Attendees, working in small groups, played the role of staffers from federal agencies, such as the U.S. Consumer Product Safety Commission and Food and Drug Administration, and made legal decisions over c-store product liability.

As part of the exercise, Steve Burkhart, vice president and general counsel, and Ryan Sullivan, corporate counsel for BIC Corp., shared best practices for dealing with the sale of illegal, noncompliant products; injuries caused by private-label products; and the sale of imported products from original equipment manufacturers that are not legally compliant. They include:

  • Control purchasing.
  • Obtain indemnity and sufficient insurance coverage from highly rated companies.
  • Require foreign exporters to obtain appropriate insurance coverage from an American or international insurer that will protect you in case of a recall or lawsuit in the United States.
  • Obtain proof of compliance to standards and regulations.
  • Follow the law: Deal only with reputable, financially responsible manufacturers and distributors.

5. Fickle food safety

"What’s high risk anymore in terms of food safety?” said Daniel Coto, vice president of EHA Consulting Group Inc., an environmental and public-health consulting fırm based in Lake Worth, Fla. Diet trends, globalization of the food supply and evolving microbes are creating an ever-changing food-safety climate, and operators must be prepared, Coto said. For instance, unpasteurized-milk trends are driving up the health risks for dairy products, said Coto.

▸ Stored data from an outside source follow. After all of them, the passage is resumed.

(* Let $K\subseteq L$ be an algebraic field extension, let $A$ be a PvMD with quotient field $K$, and let $B\supseteq A$ be an integrally closed essential domain with quotient field $L$. Suppose that $B$ admits an essential representation $\mathcal V$ such that for every $V\in\mathcal V$ the center $\mathfrak m_V\cap A$ of $V$ in $A$ (where $\mathfrak m_V$ is the maximal ideal of $V$) is a $t$-ideal of $A$. Then $B$ is a PvMD.
   Context: All rings are commutative with identity. For an integral domain $D$ with quotient field $F$ and nonzero fractional ideal $I$: $(D:I)=\{x\in F:xI\subseteq D\}$, $I^v=(D:(D:I))$, $I^t=\bigcup\{J^v:J\subseteq I \text{ finitely generated}\}$; $I$ is a $t$-ideal if $I=(0)$ or $I=I^t$; $t$-maximal ideals are $t$-ideals maximal among proper $t$-ideals. $D$ is a PvMD if $D_{\mathfrak m}$ is a valuation domain for all $t$-maximal $\mathfrak m$. A valuation overring of $D$ is essential if it equals $D_{\mathfrak p}$ for a prime $\mathfrak p$ of $D$; an essential representation of $D$ is a family of essential valuation overrings with intersection $D$; $D$ is essential if it has one. *)

(* Integral domains are modelled as subrings of a field L
   (predicates L -> Prop); the quotient field of D is the set of fractions
   a/b (a, b in D, b <> 0) inside L. *)
From HB Require Import structures.
From mathcomp Require Import all_boot all_algebra.
Set Implicit Arguments. Unset Strict Implicit. Unset Printing Implicit Defensive.
Import GRing.Theory.
Local Open Scope ring_scope.

Section Defs.
Variable L : fieldType.
Implicit Types (D V I J P M N K : L -> Prop).

Definition subring D :=
  D 0 /\ D 1 /\ (forall x y, D x -> D y -> D (x - y)) /\
  (forall x y, D x -> D y -> D (x * y)).

Definition qf D (x : L) := exists a b, D a /\ D b /\ b != 0 /\ x = a / b.

Definition ideal D I :=
  (forall x, I x -> D x) /\ I 0 /\ (forall x y, I x -> I y -> I (x + y)) /\
  (forall d x, D d -> I x -> I (d * x)).

Definition proper_ideal D I := ideal D I /\ ~ I 1.

Definition prime_ideal D P :=
  proper_ideal D P /\ forall x y, D x -> D y -> P (x * y) -> P x \/ P y.

Definition fg_ideal D (s : seq L) (x : L) :=
  exists c : seq L, size c = size s /\ (forall i, D c`_i) /\
    x = \sum_(i < size s) c`_i * s`_i.

Definition colon D I (x : L) := qf D x /\ forall y, I y -> D (x * y).

Definition vclosure D I := colon D (colon D I).

Definition tclosure D I (x : L) :=
  exists s : seq L, (forall y, y \in s -> I y) /\ vclosure D (fg_ideal D s) x.

Definition t_ideal D I :=
  (forall x, I x <-> x = 0) \/ (forall x, I x <-> tclosure D I x).

Definition t_maximal D M :=
  proper_ideal D M /\ t_ideal D M /\
  forall N, proper_ideal D N -> t_ideal D N ->
    (forall x, M x -> N x) -> forall x, N x -> M x.

Definition localization D P (x : L) :=
  exists a s, D a /\ D s /\ ~ P s /\ x = a / s.

Definition valuation_in (F V : L -> Prop) :=
  forall x, F x -> x != 0 -> V x \/ V x^-1.

Definition PvMD D :=
  subring D /\ forall M, t_maximal D M -> valuation_in (qf D) (localization D M).

Definition valuation_overring D V :=
  subring V /\ (forall x, D x -> V x) /\ (forall x, V x -> qf D x) /\
  valuation_in (qf D) V.

Definition essential_valuation_overring D V :=
  valuation_overring D V /\
  exists P, prime_ideal D P /\ forall x, V x <-> localization D P x.

(* intersection taken inside the quotient field (empty family gives qf D) *)
Definition essential_representation D (Vs : (L -> Prop) -> Prop) :=
  (forall V, Vs V -> essential_valuation_overring D V) /\
  forall x, D x <-> (qf D x /\ forall V, Vs V -> V x).

Definition essential_domain D :=
  subring D /\ exists Vs, essential_representation D Vs.

Definition integrally_closed D :=
  forall x, qf D x ->
    (exists p : {poly L}, p \is monic /\ (forall i, D p`_i) /\ root p x) -> D x.

Definition val_max_ideal V (x : L) := V x /\ (x = 0 \/ ~ V x^-1).

Definition algebraic_over K :=
  forall x : L, exists p : {poly L}, p != 0 /\ (forall i, K p`_i) /\ root p x.

End Defs.

(* Let M be a t-maximal ideal of B and suppose x, 1/x are both outside B_M.  Pick q in A[X],
   q <> 0, with q(x) = 0.  As A is a PvMD, c(q)(A : c(q)) is t-invertible, so finitely many w
   in (A : c(q)) satisfy (w q_j)_v = A.  For each such w, the tails t_j = sum_(i >= j) w q_i x^(i-j)
   lie in every valuation ring of the representation (directly if x is in it, otherwise because
   w q(x) = 0 turns t_j into a polynomial in 1/x), hence in B, and so do the x t_j; as x and 1/x
   are not in B_M, all of them lie in M.  If u multiplies every t_j and x t_j into B, it
   multiplies every w q_j = t_j - x t_(j+1) into B.  For V in the representation the center
   m_V ∩ A is a proper t-ideal, hence misses some w q_j, which is then a unit of V, so u is in V.
   Thus 1 lies in the v-closure of finitely many elements of M, contradicting M = M_t. *)

From mathcomp Require Import all_boot all_algebra.
From mathcomp Require Import boolp classical_sets.
From mathcomp Require Import ring.
Set Implicit Arguments. Unset Strict Implicit. Unset Printing Implicit Defensive.
Import GRing.Theory.
Local Open Scope ring_scope.

Section Subring.
Variables (L : fieldType) (D : L -> Prop).
Hypothesis hD : subring D.

Lemma subring0 : D 0. Proof. by case: hD. Qed.
Lemma subring1 : D 1. Proof. by case: hD => _ []. Qed.
Lemma subringB x y : D x -> D y -> D (x - y).
Proof. by case: hD => _ [_ [+ _]]; apply. Qed.
Lemma subringM x y : D x -> D y -> D (x * y).
Proof. by case: hD => _ [_ [_]]; apply. Qed.
Lemma subringN x : D x -> D (- x).
Proof. by move=> Dx; rewrite -sub0r; apply: subringB => //; apply: subring0. Qed.
Lemma subringD x y : D x -> D y -> D (x + y).
Proof. by move=> Dx Dy; rewrite -[y]opprK; apply/subringB/subringN. Qed.
Lemma subringX x n : D x -> D (x ^+ n).
Proof.
by move=> Dx; elim: n => [|n IH]; rewrite ?expr0 ?exprS; [apply: subring1 | apply: subringM].
Qed.
Lemma subring_sum (I : Type) (r : seq I) (P : pred I) (F : I -> L) :
  (forall i, P i -> D (F i)) -> D (\sum_(i <- r | P i) F i).
Proof. by move=> DF; apply: big_ind => //; [apply: subring0 | apply: subringD]. Qed.

Lemma horner_subring (p : {poly L}) x : (forall i, D p`_i) -> D x -> D p.[x].
Proof.
move=> Dp Dx; rewrite horner_coef; apply: subring_sum => i _.
by apply: subringM => //; apply: subringX.
Qed.

Lemma qf_subring x : D x -> qf D x.
Proof. by move=> Dx; exists x, 1; rewrite divr1 oner_neq0; do !split=> //; apply: subring1. Qed.

Lemma qf_div a b : D a -> D b -> qf D (a / b).
Proof.
move=> Da Db; have [->|b0] := eqVneq b 0; last by exists a, b.
by rewrite invr0 mulr0; apply/qf_subring/subring0.
Qed.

Coto recommends developing strong relationships with regulatory agencies and training employees on the signs and symptoms of foodborne illnesses. But retailers are only as strong as their suppliers. For example, Chipotle’s 2015 salmonella outbreak was likely a vendor issue, rather than from a sick employee or mishandling of product, he said.

“It’s not enough just to make sure you’re not buying from a hot truck in a dark alley,” Coto said. He recommends verifying vendors’ records, requesting proof of certifications and asking about quality-assurance protocols, such as running final product through metal detectors.

“Remember, a third-party audit is only a snapshot of their food-safety protocols,” he said.